Stored items —
(* Let $N\ge1$ and $\varphi,\psi\in\mathbb{C}^N$ be such that for $k=0,\ldots,2N-2$, $$\Big|P_\varphi\Big(\tfrac{k}{2N-1}\Big)\Big|=\Big|P_\psi\Big(\tfrac{k}{2N-1}\Big)\Big|\quad\text{and}\quad\Big|P_\varphi'\Big(\tfrac{k}{2N-1}\Big)\Big|=\Big|P_\psi'\Big(\tfrac{k}{2N-1}\Big)\Big|.$$ Then there exists $\lambda\in\mathbb{C}$ with $|\lambda|=1$ such that $\psi=\lambda\varphi$.
   Context: For $\psi=(\psi_0,\ldots,\psi_{N-1})\in\mathbb{C}^N$, $P_\psi(x)=\sum_{j=0}^{N-1}\psi_je^{2i\pi jx}$ for $x\in\mathbb{R}$, and $P_\psi'$ denotes its derivative in $x$. *)

From Stdlib Require Import Reals Lra.
From Coquelicot Require Import Coquelicot.
Open Scope R_scope.

Definition cexp_i (t : R) : C := (cos t, sin t).

Fixpoint Psum (n : nat) (psi : nat -> C) (x : R) : C :=
  match n with
  | O => 0%C
  | S m => (Psum m psi x + psi m * cexp_i (2 * PI * INR m * x))%C
  end.

Definition P (N : nat) (psi : nat -> C) (x : R) : C := Psum N psi x.

Definition Pderiv (N : nat) (psi : nat -> C) (x : R) : C :=
  (Derive (fun t => Re (P N psi t)) x, Derive (fun t => Im (P N psi t)) x).

(* Write p for the polynomial with coefficients phi_0, ..., phi_(N-1), p~ for its reversed
   conjugate X^(N-1) conj(p)(1/X), and theta = X d/dX, so that (theta p)~ = (N-1) p~ - theta p~.
   At z = e^(2 i pi x) on the unit circle, (p p~)(z) = z^(N-1) |P(x)|^2 and
   (theta p (theta p)~)(z) = z^(N-1) |P'(x)|^2 / (4 pi^2); both are polynomials of degree at most
   2N-2, so the 2N-1 samples determine them.  Then u = theta p * p~ and v = p * (theta p)~ satisfy
   u - v = theta (p p~) - (N-1) p p~ and u v = p p~ * theta p (theta p)~, both determined by the
   data; so for the coefficients psi, with polynomial q, either u = u_q, in which case p and q have
   the same logarithmic derivative and q = c p, or u_q = -v, in which case a leading-coefficient
   count forces p and q to be constant.  Finally p p~ = q q~ gives |c| = 1. *)

From Stdlib Require Import Reals Lra Lia.
From Coquelicot Require Import Coquelicot.
From mathcomp Require Import all_boot all_algebra.
From mathcomp Require Import Rstruct complex.

Set Implicit Arguments.
Unset Strict Implicit.
Import GRing.Theory Num.Theory.

Local Open Scope R_scope.

Fixpoint Psum_deriv (n : nat) (psi : nat -> C) (x : R) : C :=
  match n with
  | O => RtoC 0
  | S m => Cplus (Psum_deriv m psi x)
                 (Cmult (psi m) (Cmult (0, 2 * PI * INR m) (cexp_i (2 * PI * INR m * x))))
  end.

Lemma is_derive_Re_Psum n psi x :
  is_derive (fun t => (Psum n psi t).1) x (Psum_deriv n psi x).1.
Proof.
elim: n => [|n IH] /=; first exact: is_derive_const.
apply: is_derive_plus; first exact: IH.
set c := 2 * PI * INR n.
apply: (is_derive_ext (fun t => (psi n).1 * cos (c * t) - (psi n).2 * sin (c * t))) => [t|].
  by rewrite /cexp_i /= /c.
by rewrite /cexp_i /= -/c; auto_derive; [|ring].
Qed.

Lemma is_derive_Im_Psum n psi x :
  is_derive (fun t => (Psum n psi t).2) x (Psum_deriv n psi x).2.
Proof.
elim: n => [|n IH] /=; first exact: is_derive_const.
apply: is_derive_plus; first exact: IH.
set c := 2 * PI * INR n.
apply: (is_derive_ext (fun t => (psi n).1 * sin (c * t) + (psi n).2 * cos (c * t))) => [t|].
  by rewrite /cexp_i /= /c.
by rewrite /cexp_i /= -/c; auto_derive; [|ring].
Qed.

Lemma Pderiv_Psum_deriv N psi x : Pderiv N psi x = Psum_deriv N psi x.
Proof.
rewrite /Pderiv /P (is_derive_unique _ _ _ (is_derive_Re_Psum N psi x)).
by rewrite (is_derive_unique _ _ _ (is_derive_Im_Psum N psi x)); case: (Psum_deriv N psi x).
Qed.

Lemma cos_lt_1 t : 0 < t < 2 * PI -> cos t < 1.
Proof.
move=> t_bounds; have -> : t = 2 * (t / 2) by field.
have : 0 < sin (t / 2) by apply: sin_gt_0; lra.
rewrite cos_2a_sin; nra.
Qed.

Lemma cexp_i_sample_inj (M k l : nat) : (k < M)%coq_nat -> (l < M)%coq_nat ->
  cexp_i (2 * PI * (INR k / INR M)) = cexp_i (2 * PI * (INR l / INR M)) -> k = l.
Proof.
wlog le_kl : k l / (k <= l)%coq_nat => [wlog_kl lt_kM lt_lM eq_kl|_ lt_lM].
  by case: (Nat.le_ge_cases k l) => ?; [|symmetry]; apply: wlog_kl.
set s := 2 * PI * (INR k / INR M); set t := 2 * PI * (INR l / INR M).
case=> cos_eq sin_eq; apply: Nat.le_antisymm => //; apply/Nat.nlt_ge => lt_kl.
have : cos (t - s) = 1.
  by rewrite cos_minus -cos_eq -sin_eq; have := sin2_cos2 s; rewrite /Rsqr; lra.
suff : cos (t - s) < 1 by lra.
have M_gt0 : 0 < INR M by apply: lt_0_INR; lia.
have [lt_kl' lt_lM'] : INR k < INR l /\ INR l < INR M by split; apply: lt_INR.
have k_ge0 := pos_INR k; have PI_gt0 := PI_RGT_0.
have -> : t - s = 2 * PI * ((INR l - INR k) / INR M) by rewrite /s /t; field; lra.
set u := (INR l - INR k) / INR M.
have uM : u * INR M = INR l - INR k by rewrite /u; field; lra.
by apply: cos_lt_1; split; nra.
Qed.

Lemma cexp_i_add s t : cexp_i (s + t) = Cmult (cexp_i s) (cexp_i t).
Proof. by rewrite /cexp_i /Cmult /= cos_plus sin_plus; f_equal; ring. Qed.

Lemma Cmod_cexp_i t : Cmod (cexp_i t) = 1.
Proof.
rewrite /Cmod /cexp_i /= !Rmult_1_r Rplus_comm.
by have := sin2_cos2 t; rewrite /Rsqr => ->; exact: sqrt_1.
Qed.

Lemma two_PI_neq0 : 2 * PI <> 0.
Proof. by have := PI_RGT_0; lra. Qed.

Lemma Cmod_2PI_i : Cmod (0, 2 * PI) = 2 * PI.
Proof.
rewrite /Cmod /= Rmult_0_l Rplus_0_l Rmult_1_r sqrt_square //.
by have := PI_RGT_0; lra.
Qed.

From mathcomp Require Import ring zify.
Local Open Scope ring_scope.

Lemma eq_sub_mul_cases (R : idomainType) (u v u' v' : R) :
  u - v = u' - v' -> u * v = u' * v' -> u = u' \/ u' = - v.
Proof.
move=> eq_diff eq_mul.
have : (u - u') * (u' + v) = 0.
  transitivity (u' * ((u - v) - (u' - v')) + (u * v - u' * v')); first ring.
  by rewrite eq_diff eq_mul !subrr mulr0 addr0.
move/eqP; rewrite mulf_eq0 subr_eq0 addr_eq0 => /orP[] /eqP; by [left | right].
Qed.

Section EulerOperator.
Variable F : numFieldType.
Implicit Types f g r : {poly F}.

(* On the unit circle z = e^(2 i pi x), d/dx p(z) = 2 i pi (euler_op p)(z). *)
Definition euler_op f := 'X * f^`().

Lemma coef_euler_op f j : (euler_op f)`_j = j%:R * f`_j.
Proof.
rewrite /euler_op coefXM; case: j => [|j] /=; first by rewrite mul0r.
by rewrite coef_deriv mulr_natl.
Qed.

Lemma euler_opM f g : euler_op (f * g) = euler_op f * g + f * euler_op g.
Proof. rewrite /euler_op derivM; ring. Qed.

Lemma euler_opB f g : euler_op (f - g) = euler_op f - euler_op g.
Proof. by rewrite /euler_op derivB mulrBr. Qed.

Lemma euler_opZ c f : euler_op (c%:P * f) = c%:P * euler_op f.
Proof. by rewrite /euler_op derivM derivC mul0r add0r mulrCA. Qed.

Lemma euler_op_eq0 f : (euler_op f == 0) = (size f <= 1)%N.
Proof.
apply/eqP/idP => [f_eq0 | /size1_polyC ->]; last by rewrite /euler_op derivC mulr0.
apply/leq_sizeP => j; case: j => // j _.
have /eqP := congr1 (fun h : {poly F} => h`_j.+1) f_eq0.
by rewrite /= coef_euler_op coef0 mulf_eq0 pnatr_eq0 => /eqP.
Qed.

Lemma coef_mul_top f g : f != 0 -> g != 0 ->
  (f * g)`_((size f).-1 + (size g).-1) = lead_coef f * lead_coef g.
Proof.
move=> f_neq0 g_neq0; rewrite -lead_coefM /lead_coef size_mul //.
move: f_neq0 g_neq0; rewrite -!size_poly_gt0.
by case: (size f) (size g) => [|m] [|n] //= _ _; rewrite addnS.
Qed.

Lemma size_euler_op_sub f : (size (euler_op f - ((size f).-1)%:R%:P * f)%R <= (size f).-1)%N.
Proof.
apply/leq_sizeP => j le_j; rewrite coefB coefCM coef_euler_op.
case: (ltngtP j (size f).-1) => [|lt_j|->]; [lia | | by rewrite subrr].
by rewrite nth_default ?mulr0 ?subr0 //; move: lt_j; case: (size f).
Qed.

Lemma coef_euler_opM_top f g : f != 0 -> g != 0 ->
  (euler_op f * g)`_((size f).-1 + (size g).-1) = (size f).-1%:R * (lead_coef f * lead_coef g).
Proof.
move=> f_neq0 g_neq0; set d := (size f).-1.
have -> : euler_op f * g = d%:R%:P * (f * g) + (euler_op f - d%:R%:P * f) * g by ring.
rewrite coefD coefCM coef_mul_top // nth_default ?addr0 //.
apply: leq_trans (size_polyMleq _ _) _; have := size_euler_op_sub f.
by move: g_neq0; rewrite -size_poly_gt0 -/d; lia.
Qed.

Lemma size_euler_wronskian p r : p != 0 -> r != 0 ->
  euler_op p * r = euler_op r * p -> size r = size p.
Proof.
move=> p_neq0 r_neq0 /(congr1 (fun h : {poly F} => h`_((size p).-1 + (size r).-1))).
rewrite /= coef_euler_opM_top // addnC coef_euler_opM_top // [lead_coef r * _]mulrC.
move/eqP; rewrite -subr_eq0 -mulrBl mulf_eq0 mulf_eq0 !lead_coef_eq0.
rewrite (negPf p_neq0) (negPf r_neq0) !orbF subr_eq0 eqr_nat => /eqP.
by move: p_neq0 r_neq0; rewrite -!size_poly_gt0; case: (size p) (size r) => [|m] [|n] // _ _ /= ->.
Qed.

(* Equal logarithmic derivatives: [r - c p] satisfies the same Wronskian identity
   but has a smaller degree than [p], so it vanishes. *)
Lemma euler_wronskian_scale p r : p != 0 ->
  euler_op p * r = euler_op r * p -> r = (lead_coef r / lead_coef p)%:P * p.
Proof.
move=> p_neq0 wr; set c := lead_coef r / lead_coef p.
apply/eqP; rewrite -subr_eq0; apply/negPn/negP => s_neq0.
have wr_s : euler_op p * (r - c%:P * p) = euler_op (r - c%:P * p) * p.
  by rewrite euler_opB euler_opZ mulrBr mulrBl wr; ring.
have size_s : size (r - c%:P * p) = size p by exact: size_euler_wronskian.
have r_neq0 : r != 0.
  by apply: contraNneq s_neq0 => r_eq0; rewrite /c r_eq0 lead_coef0 mul0r polyC0 mul0r subrr.
have size_r : size r = size p by exact: size_euler_wronskian.
suff : (size (r - c%:P * p)%R <= (size p).-1)%N.
  by rewrite size_s; move: p_neq0; rewrite -size_poly_gt0; lia.
apply/leq_sizeP => j le_j; rewrite coefB coefCM.
case: (ltngtP j (size p).-1) => [|lt_j|->]; first lia.
  by rewrite !nth_default ?mulr0 ?subr0 // ?size_r; move: lt_j; case: (size p).
have -> : r`_(size p).-1 = lead_coef r by rewrite /lead_coef size_r.
by rewrite /c divfK ?subrr ?lead_coef_eq0.
Qed.

Lemma size_euler_cross_le1 (n : nat) (q p' : {poly F}) : q != 0 -> p' != 0 -> ((size p').-1 <= n)%N ->
  euler_op q * p' + (n%:R%:P * p' - euler_op p') * q = 0 -> (size q <= 1)%N.
Proof.
move=> q_neq0 p'_neq0 size_p' /(congr1 (fun h : {poly F} => h`_((size q).-1 + (size p').-1))).
rewrite /= coef0 coefD mulrBl coefB -[_%:P * p' * q]mulrA coefCM coef_euler_opM_top //.
rewrite addnC coef_euler_opM_top // coef_mul_top // [lead_coef p' * _]mulrC -mulrBl -mulrDl.
move/eqP; rewrite mulf_eq0 mulf_eq0 !lead_coef_eq0 (negPf q_neq0) (negPf p'_neq0) !orbF.
by rewrite -natrB // -natrD pnatr_eq0 addn_eq0 => /andP[/eqP + _]; case: (size q) => [|[]].
Qed.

Exercise brief —
From the data, collect all lines where the string "split" appears.

Result below —
have [lt_kl' lt_lM'] : INR k < INR l /\ INR l < INR M by split; apply: lt_INR.
by apply: cos_lt_1; split; nra.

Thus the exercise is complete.